Hi and welcome. We're all neighbors here.


----------



## Lilly (Jun 13, 2006)

Welcome Vonnie.


----------



## Terrormaster (Sep 27, 2007)

Welcome Vonnie!


----------



## Hellvin (Jul 6, 2008)

Welcome VonnieK52


----------



## NickG (Sep 12, 2006)

welcome aboard!


----------



## Vlad (Aug 2, 2005)

Welcome Vonnie


----------



## slightlymad (May 25, 2006)

Welcome


----------



## Wyatt Furr (Jun 5, 2006)

Howdy and Welcome


----------



## vee-dub (Aug 23, 2008)

Welcome


----------



## dynoflyer (Oct 8, 2006)

Welcome to Haunt Forum, Vonnie!


----------



## Ghostess (Aug 21, 2005)

Welcome!


----------



## Undertaker (Mar 22, 2006)

Hi Vonnie..there are quite a few haunters in the St Louis area.
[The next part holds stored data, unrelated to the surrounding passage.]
Lemma centralizing_locally_fdss : direct_sum_decomp T J -> centralizing_idempotents ->
  locally_fdss (fun _ : R => True).
Proof.
move=> hdec hc s _; have [hJsub [hJl hJr]] := hJ.
have [X [hXJ hXs]] := direct_sum_seq s hdec.
have [E [hE EE E_comm EX]] := centralizing_unit hc hXJ.
have /fdssP [hTa /fin_dimP [tb [htb htbspan]] _] := hT.
have [S [hSJ [hS hSL]]] : exists S, subset_of S J /\ fdss S /\
    (forall x, x \in X ++ E :: map (fun t => t * E) tb -> S x).
  apply: hJloc => x; rewrite mem_cat inE => /or3P [/hXJ //|/eqP -> //|/mapP [t _ ->]].
  exact: hJl.
pose A := corner E S.
have hA : fdss A by apply: corner_fdss => //; apply: hSL; rewrite mem_cat mem_head orbT.
have hAsub : subspace A by have /fdssP [/subalgebra_subspace] := hA.
have tE_A t : T t -> A (t * E).
  move=> ht; apply: (in_span_sub (b := map (fun t => t * E) tb)) => //.
    move=> _ /mapP [t' ht' ->]; apply: cornerW => //.
    - by apply: hSL; rewrite mem_cat inE (map_f (fun y => y * E) ht') !orbT.
    - by rewrite mulrA E_comm; [rewrite -mulrA EE|apply: htb].
    - by rewrite -mulrA EE.
  by apply: in_span_map (htbspan t ht) => [u v|k u]; rewrite ?mulrDl -?scalerAl.
exists (sum_set T A); split; [by []|split].
- apply: (sum_set_fdss hJ hdec.2) => // [a [z [hz ->]]|t a ht ha]; first by apply/hJr/hJl/hSJ.
  have [Ea aE] := corner_fix EE ha; have /fdssP [hAa _ _] := hA.
  split; first by rewrite -Ea mulrA; apply: subalgebraM => //; apply: tE_A.
  by rewrite -aE -mulrA E_comm //; apply: subalgebraM => //; apply: tE_A.
- move=> r hr; have [t [j [ht hj ->]]] := hXs r hr; exists t, j; split=> //.
  have [Ej jE] := EX j hj; apply: cornerW => //.
  by apply: hSL; rewrite mem_cat hj.
Qed.

End Corollary.

Theorem corollary4p3 (K : fieldType) (R : algType K)
  (J T : R -> Prop) (p : R) :
  ideal J -> locally_fdss J ->
  fdss T -> is_identity_of T p ->
  direct_sum_decomp T J ->
  [/\ (locally_fdss (fun _ : R => True) <-> locally_fdss (corner p (fun _ : R => True))),
      (locally_fdss (corner p (fun _ : R => True)) <->
         (forall f : R, idem_elt f -> corner p J f ->
            exists e : R, [/\ idem_elt e, corner p J e, corner e J f &
                             forall t, T t -> e * t = t * e]))
    & (locally_fdss (fun _ : R => True) <->
         (forall f : R, idem_elt f -> corner p J f ->
            exists e : R, [/\ idem_elt e, corner p J e, corner e J f &
                             forall t, T t -> e * t = t * e]))].
Proof.
move=> hJ hJloc hT hp hdec.
have a_b : locally_fdss (fun _ : R => True) -> locally_fdss (corner p (fun _ : R => True)).
  by apply: locally_fdss_corner => //; exact: identity_idem hp.
have b_c := corner_locally_fdss_centralizing hJ hT hp.
have c_a := centralizing_locally_fdss hJ hJloc hT hp hdec.
split; split=> h.
- exact: a_b.
- exact: c_a (b_c h).
- exact: b_c.
- exact: a_b (c_a h).
- exact: b_c (a_b h).
- exact: c_a.
Qed.
(* Let $\lambda=(\lambda_k)_{k\in\mathbb N}\in\ell^\infty(\mathbb N)$ and define $T_\lambda:\ell^\infty(\mathbb N)\to\ell^\infty(\mathbb N)$ by $T_\lambda(x_1,x_2,\ldots)=(\lambda_1x_1,\lambda_2x_2,\ldots)$. The following are equivalent: (i) $T_\lambda$ is recurrent; (ii) $T_\lambda$ is rigid; (iii) $T_\lambda$ is uniformly rigid; (iv) there is a sequence $(\theta_k)_{k\in\mathbb N}\subset\mathbb R$ with $\lambda_k=e^{2\pi i\theta_k}$ for every $k$, and $\liminf_{n\to\infty}\sup_{k\in\mathbb N}|e^{2\pi i n\theta_k}-1|=0$.
   Context: An operator $T$ on a Banach space $X$ is recurrent if for every non-empty open $U\subset X$ there is a positive integer $k$ with $U\cap T^{-k}(U)\neq\emptyset$; rigid if there is an increasing sequence of positive integers $(k_n)$ with $T^{k_n}x\to x$ for all $x\in X$; uniformly rigid if there is an increasing sequence of positive integers $(k_n)$ with $\|T^{k_n}-I\|\to0$. *)

From Stdlib Require Import Reals.
From Coquelicot Require Import Coquelicot.
Open Scope R_scope.

(* Complex-valued sequences; l^oo(N) = the linf_bounded ones. *)
Definition seqC := nat -> C.

Definition linf_bounded (x : seqC) : Prop := exists M : R, forall k, Cmod (x k) <= M.

Definition linf_norm (x : seqC) : R := real (Sup_seq (fun k => Finite (Cmod (x k)))).

Definition seq_sub (x y : seqC) : seqC := fun k => Cminus (x k) (y k).

Definition linf_open (U : seqC -> Prop) : Prop :=
  (forall x, U x -> linf_bounded x) /\
  (forall x, U x -> exists eps : R, 0 < eps /\
      forall y, linf_bounded y -> linf_norm (seq_sub y x) < eps -> U y).

Definition op_norm (A : seqC -> seqC) : R :=
  real (Lub_Rbar (fun r => exists x, linf_bounded x /\ linf_norm x <= 1 /\ r = linf_norm (A x))).

Definition T_diag (lam : seqC) (x : seqC) : seqC := fun k => Cmult (lam k) (x k).

Definition iterT (T : seqC -> seqC) (n : nat) (x : seqC) : seqC := Nat.iter n T x.
(* Let $M$ be a matroid of rank $r$ on a finite linearly ordered set $E$. Then $\mathcal U^*(M)$ is an antichain (no member is properly contained in another).
   Context: The graded lexicographic order on $2^E$: $X\prec Y$ if $|X|<|Y|$, or $|X|=|Y|$ and $\min(X\triangle Y)\in X$; for nonempty $\mathcal X\subseteq 2^E$, $\min\mathcal X$ is its $\prec$-smallest member. A set $X$ is $k$-closed in $M$ if $\mathrm{cl}_M(Y)\subseteq X$ for all $Y\subseteq X$ with $|Y|\le k$; $\mathrm{cl}_k(X)$ is the intersection of all $k$-closed sets containing $X$ (for $k<0$ every set is $k$-closed, so $\mathrm{cl}_{-1}(X)=X$). For a flat $F$ of $M$ of rank $k$, $U^*_F=\min\{U : \mathrm{cl}_{k-1}(U)=F\}$. For $0\le k\le r-1$, $\mathcal U^*_k=\{U^*_F : F \text{ a flat of rank } k,\ |U^*_F|>k\}$, and $\mathcal U^*(M)=\bigcup_{k=0}^{r-1}\mathcal U^*_k$. *)

(* Matroids on E = 'I_n (ground set linearly ordered by the
   natural order on ordinals), given by their family of independent sets. *)
From mathcomp Require Import all_boot all_order all_algebra.
Set Implicit Arguments. Unset Strict Implicit. Unset Printing Implicit Defensive.
Import Order.TTheory GRing.Theory Num.Theory.

Section Matroid.
Variable n : nat.
Notation E := 'I_n.
Variable indep : {set {set E}}.

Definition is_matroid : Prop :=
  [/\ set0 \in indep,
      (forall A B : {set E}, B \in indep -> A \subset B -> A \in indep) &
      (forall A B : {set E}, A \in indep -> B \in indep -> #|A| < #|B| ->
         exists2 e, e \in B :\: A & e |: A \in indep)].

Definition mrank (X : {set E}) : nat := \max_(A in indep | A \subset X) #|A|.

Definition mcl (X : {set E}) : {set E} := [set e | mrank (e |: X) == mrank X].

Definition is_flat (F : {set E}) : bool := mcl F == F.

(* X is k-closed (k an integer; for k < 0 every set is k-closed) *)
Definition kclosed (k : int) (X : {set E}) : bool :=
  [forall Y : {set E}, ((Y \subset X) && (Posz #|Y| <= k)%R) ==> (mcl Y \subset X)].

Definition clk (k : int) (X : {set E}) : {set E} :=
  \bigcap_(Z : {set E} | kclosed k Z && (X \subset Z)) Z.

End Matroid.

(* graded lexicographic (strict) order: X ≺ Y iff |X| < |Y|, or |X| = |Y| and
   min(X △ Y) ∈ X (which forces X ≠ Y). *)
Definition glex_lt (n : nat) (X Y : {set 'I_n}) : bool :=
  (#|X| < #|Y|) ||
  ((#|X| == #|Y|) &&
   [exists e, (e \in X :\: Y) &&
      [forall f, (f \in (X :\: Y) :|: (Y :\: X)) ==> (val e <= val f)]]).

Definition is_Ustar (n : nat) (indep : {set {set 'I_n}}) (F U : {set 'I_n}) : Prop :=
  clk indep (Posz (mrank indep F) - 1)%R U = F /\
  forall V : {set 'I_n}, clk indep (Posz (mrank indep F) - 1)%R V = F ->
    V = U \/ glex_lt U V.

Definition in_Ustar (n : nat) (indep : {set {set 'I_n}}) (U : {set 'I_n}) : Prop :=
  exists k : nat, [/\ k < mrank indep setT &
    exists F : {set 'I_n}, [/\ is_flat indep F, mrank indep F = k,
                              is_Ustar indep F U & k < #|U| ]].

From mathcomp Require Import all_boot all_order all_algebra.
From mathcomp Require Import zify.
Set Implicit Arguments. Unset Strict Implicit. Unset Printing Implicit Defensive.
Import Order.TTheory GRing.Theory Num.Theory.

(** Let [U] in [U*_k] (flat [F]) and [V] in [U*_l] (flat [G]) with [U ⊆ V].
  Since [U ⊆ F] has more than [k = r(F)] elements, it contains a circuit
  [Y + u], with [|Y| <= r(U) <= min(k, l)] and [u ∈ cl(Y)].  If [|Y| < l]
  (resp. [|Y| < k]), removing [u] from [V] (resp. [U]) would not change
  [cl_{l-1}(V)] (resp. [cl_{k-1}(U)]), contradicting minimality; hence
  [k = l = |Y|].  Then [F = cl_{k-1}(U) ⊆ G] are flats of the same rank, so
  [F = G], and the minimality of [V] forces [V ≼ U], i.e. [U = V]. *)

Section UstarAntichain.
Variable n : nat.
Variable indep : {set {set 'I_n}}.

Lemma mrankS (X Y : {set 'I_n}) : X \subset Y -> mrank indep X <= mrank indep Y.
Proof.
move=> XY; apply/bigmax_leqP => A /andP[HA AX].
by apply: leq_bigmax_cond; rewrite HA (subset_trans AX).
Qed.

Lemma card_le_mrank (A X : {set 'I_n}) :
  A \in indep -> A \subset X -> #|A| <= mrank indep X.
Proof. by move=> HA AX; apply: leq_bigmax_cond; rewrite HA AX. Qed.

Lemma mrank_indep (A : {set 'I_n}) : A \in indep -> mrank indep A = #|A|.
Proof.
move=> HA; apply/eqP; rewrite eqn_leq card_le_mrank // andbT.
by apply/bigmax_leqP => B /andP[_ BA]; apply: subset_leq_card.
Qed.

Lemma mrank_dep (C : {set 'I_n}) :
  set0 \in indep -> C \notin indep -> mrank indep C < #|C|.
Proof.
move=> indep0 Cd; have /set0Pn[c cC] : C != set0 by apply: contraNneq Cd => ->.
have C_gt0 : 0 < #|C| by apply/card_gt0P; exists c.
rewrite -(prednK C_gt0) ltnS; apply/bigmax_leqP => A /andP[HA AC].
rewrite -ltnS prednK //; apply: proper_card.
by rewrite properEneq AC andbT; apply: contraNneq Cd => AC_eq; rewrite -AC_eq.
Qed.

Lemma subset_clk (a : int) (X : {set 'I_n}) : X \subset clk indep a X.
Proof. by apply/bigcapsP => Z /andP[_]. Qed.

Lemma clk_min (a : int) (X Z : {set 'I_n}) :
  kclosed indep a Z -> X \subset Z -> clk indep a X \subset Z.
Proof. by move=> HZ XZ; apply: bigcap_inf; rewrite HZ XZ. Qed.

Lemma kclosed_clk (a : int) (X : {set 'I_n}) : kclosed indep a (clk indep a X).
Proof.
apply/forallP => Y; apply/implyP => /andP[YX Ya].
apply/bigcapsP => Z /andP[HZ XZ].
move/forallP: (HZ) => /(_ Y) /implyP; apply; rewrite Ya andbT.
exact: subset_trans YX (clk_min HZ XZ).
Qed.

Lemma clkD1 (a : int) (X Y : {set 'I_n}) u :
  u \in X -> Y \subset X :\ u -> (Posz #|Y| <= a)%R -> u \in mcl indep Y ->
  clk indep a (X :\ u) = clk indep a X.
Proof.
move=> uX YX Ya uY; apply/eqP; rewrite eqEsubset; apply/andP; split.
  apply: clk_min; first exact: kclosed_clk.
  exact: subset_trans (subD1set _ _) (subset_clk _ _).
apply: clk_min; first exact: kclosed_clk.
have sub_clk := subset_clk a (X :\ u).
have mcl_sub : mcl indep Y \subset clk indep a (X :\ u).
  move/forallP/(_ Y)/implyP: (kclosed_clk a (X :\ u)); apply.
  by rewrite Ya (subset_trans YX sub_clk).
apply/subsetP => x xX; have [->|xu] := eqVneq x u; first exact: subsetP mcl_sub u uY.
by apply: (subsetP sub_clk); rewrite in_setD1 xu.
Qed.

Lemma dep_circuit_mcl (X : {set 'I_n}) : set0 \in indep -> X \notin indep ->
  exists u, exists2 Y : {set 'I_n},
    [/\ u \in X, Y \subset X :\ u & u \in mcl indep Y] & #|Y| <= mrank indep X.
Proof.
move=> indep0 Xd.
have [C /minsetP[Cd Cmin] CX] := @minset_exists _ [pred C | C \notin indep] X Xd.
have rC := mrank_dep indep0 Cd.
have /set0Pn[u uC] : C != set0 by apply: contraNneq Cd => ->.
have Yi : C :\ u \in indep.
  apply/negPn/negP => Yd; have /setP/(_ u) := Cmin _ Yd (subD1set C u).
  by rewrite !inE eqxx uC.
have cardY : #|C :\ u| = #|C|.-1 by rewrite (cardsD1 u C) uC.
exists u; exists (C :\ u); last first.
  by apply: card_le_mrank Yi _; exact: subset_trans (subD1set _ _) CX.
split; [exact: subsetP CX u uC | exact: setSD |].
have := mrankS (subD1set C u); rewrite inE setD1K // (mrank_indep Yi) cardY.
by move: rC; lia.
Qed.

Lemma glex_lt_subset (U V : {set 'I_n}) : U \subset V -> ~~ glex_lt V U.
Proof.
move=> UV; rewrite /glex_lt negb_or -leqNgt subset_leq_card //=.
apply/andP => [[/eqP VU /existsP[e /andP[eVU _]]]].
have /eqP UeqV : U == V by rewrite eqEcard UV VU leqnn.
by rewrite UeqV setDv inE in eVU.
Qed.

Lemma Ustar_subset (F U : {set 'I_n}) : is_Ustar indep F U -> U \subset F.
Proof. by case=> <- _; apply: subset_clk. Qed.

Lemma Ustar_min (F U V : {set 'I_n}) : is_Ustar indep F U ->
  V \subset U -> clk indep (Posz (mrank indep F) - 1) V = F -> V = U.
Proof.
case=> _ Umin VU /Umin[//|]; apply: contraTeq => _; exact: glex_lt_subset.
Qed.

Lemma Ustar_notin_mcl (F U Y : {set 'I_n}) u : is_Ustar indep F U ->
  u \in U -> Y \subset U :\ u -> #|Y| < mrank indep F -> u \notin mcl indep Y.
Proof.
move=> UF uU YU Yr; apply/negP => uY.
have Ya : (Posz #|Y| <= Posz (mrank indep F) - 1)%R by lia.
have /setP/(_ u) := Ustar_min UF (subD1set U u) (etrans (clkD1 uU YU Ya uY) UF.1).
by rewrite !inE eqxx uU.
Qed.

Lemma flat_subset_mrank (F G : {set 'I_n}) : is_flat indep F -> F \subset G ->
  mrank indep G <= mrank indep F -> F = G.
Proof.
move=> /eqP flatF FG rG; apply/eqP; rewrite eqEsubset FG /=.
apply/subsetP => g gG; rewrite -flatF inE eqn_leq.
rewrite [_ <= mrank _ (g |: F)]mrankS ?subsetUr // andbT.
by apply: leq_trans rG; apply: mrankS; rewrite subUset sub1set gG FG.
Qed.

End UstarAntichain.

Theorem lemma5p2 (n : nat) (indep : {set {set 'I_n}}) :
  is_matroid indep ->
  forall U V : {set 'I_n}, in_Ustar indep U -> in_Ustar indep V ->
    U \subset V -> U = V.
Proof.
move=> [indep0 _ _] U V [k [_ [F [flatF rF UF kU]]]] [l [_ [G [_ rG VG _]]]] UV.
have rUk : mrank indep U <= k by rewrite -rF mrankS ?(Ustar_subset UF).
have rUl : mrank indep U <= l.
  by rewrite -rG (leq_trans (mrankS indep UV)) ?mrankS ?(Ustar_subset VG).
have Ud : U \notin indep by apply: contraTN kU => /mrank_indep <-; rewrite -leqNgt.
have [u [Y [uU YU uY] rY]] := dep_circuit_mcl indep0 Ud.
have lY : l <= #|Y|.
  rewrite leqNgt -rG; apply: contraTN uY.
  apply: Ustar_notin_mcl VG (subsetP UV u uU) _.
  exact: subset_trans YU (setSD _ UV).
have kY : k <= #|Y|.
  by rewrite leqNgt -rF; apply: contraTN uY; exact: Ustar_notin_mcl UF uU YU.
have rFG : mrank indep F = mrank indep G by rewrite rF rG; lia.
have FG : F \subset G.
  rewrite -UF.1 rFG; apply: clk_min (subset_trans UV (Ustar_subset VG)).
  by rewrite -{2}VG.1; apply: kclosed_clk.
have FeqG : F = G by apply: flat_subset_mrank flatF FG _; rewrite rFG.
by apply: Ustar_min VG UV _; rewrite -FeqG; exact: UF.1.
Qed.
Definition redirect (x : st A) : {y : st A | y <> q} * M :=
  match excluded_middle_informative (x = q) with
  | left _ => (exist _ r r_neq_q, w)
  | right x_neq_q => (exist _ x x_neq_q, mone M)
  end.

Definition remove_state : dfa M Sigma :=
  {| st := {y : st A | y <> q};
     init := (redirect (init A)).1;
     ival := mmul (ival A) (redirect (init A)).2;
     delta := fun x s => (redirect (delta (proj1_sig x) s)).1;
     wt := fun x s => mmul (wt (proj1_sig x) s) (redirect (delta (proj1_sig x) s)).2;
     rho := fun x => rho (proj1_sig x) |}.

Lemma lang_q_redirect (x : st A) al :
  lang_q x al = mmul (redirect x).2 (lang_q (proj1_sig (redirect x).1) al).
Proof.
by rewrite /redirect; case: excluded_middle_informative => [-> | _] /=;
  rewrite ?lang_q_scale ?mmul1.
Qed.

Lemma lang_q_remove_state (x : st remove_state) al :
  lang_q x al = lang_q (proj1_sig x) al.
Proof.
elim: al x => [|s al IH] x; first by rewrite !lang_q_nil.
by rewrite !lang_q_cons IH /= -mmulA -lang_q_redirect.
Qed.

Lemma remove_state_equiv : dfa_equiv remove_state A.
Proof.
apply: functional_extensionality => al.
by rewrite /rlang /lscale lang_q_remove_state /= -mmulA -lang_q_redirect.
Qed.

Lemma remove_state_finite : is_mdfa A -> is_mdfa remove_state.
Proof. exact: finite_of_inj (@proj1_sig_inj _ _). Qed.

Lemma remove_state_fewer : is_mdfa A -> fewer_states remove_state A.
Proof.
move=> finA; have [nA card_A] := has_card_of_finite finA.
have [nB card_B] := has_card_of_finite (remove_state_finite finA).
exists nB, nA; do 2!split => //.
apply: (has_card_lt_of_inj (t := q) (@proj1_sig_inj _ _) _ card_B card_A).
by case.
Qed.

End RemoveState.

Section Minimal.
Variables (M : monoid) (Sigma : finType) (A : dfa M Sigma).
Hypotheses (finA : is_mdfa A) (minA : minimal A).

Lemma minimal_lang_q_scale_inj (q r : st A) w :
  lang_q q = lscale w (lang_q r) -> q = r.
Proof.
move=> lang_q_scale; apply: NNPP => q_neq_r.
have r_neq_q : r <> q by move=> E; apply: q_neq_r.
apply: (minA (remove_state_finite w r_neq_q finA)).
  exact: remove_state_equiv lang_q_scale.
exact: remove_state_fewer.
Qed.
I'm in Pacific, about 5 miles west of Six Flags, BobO is in Des Peres, Mooch is in Ellisville. We also have Peanut in Springfield and some others scattered around the state.


----------



## Spookineer (Aug 20, 2006)

Welcome to the party!


----------



## Revenant (Mar 17, 2007)

Hiya neighbor!! I'm in North County too... Jennings to be exact. I think I'm the closest to you of anyone on here. Welcome to the best little haunter's forum on the web!


----------



## beelce (Jul 21, 2007)

Welcome to the forum!


----------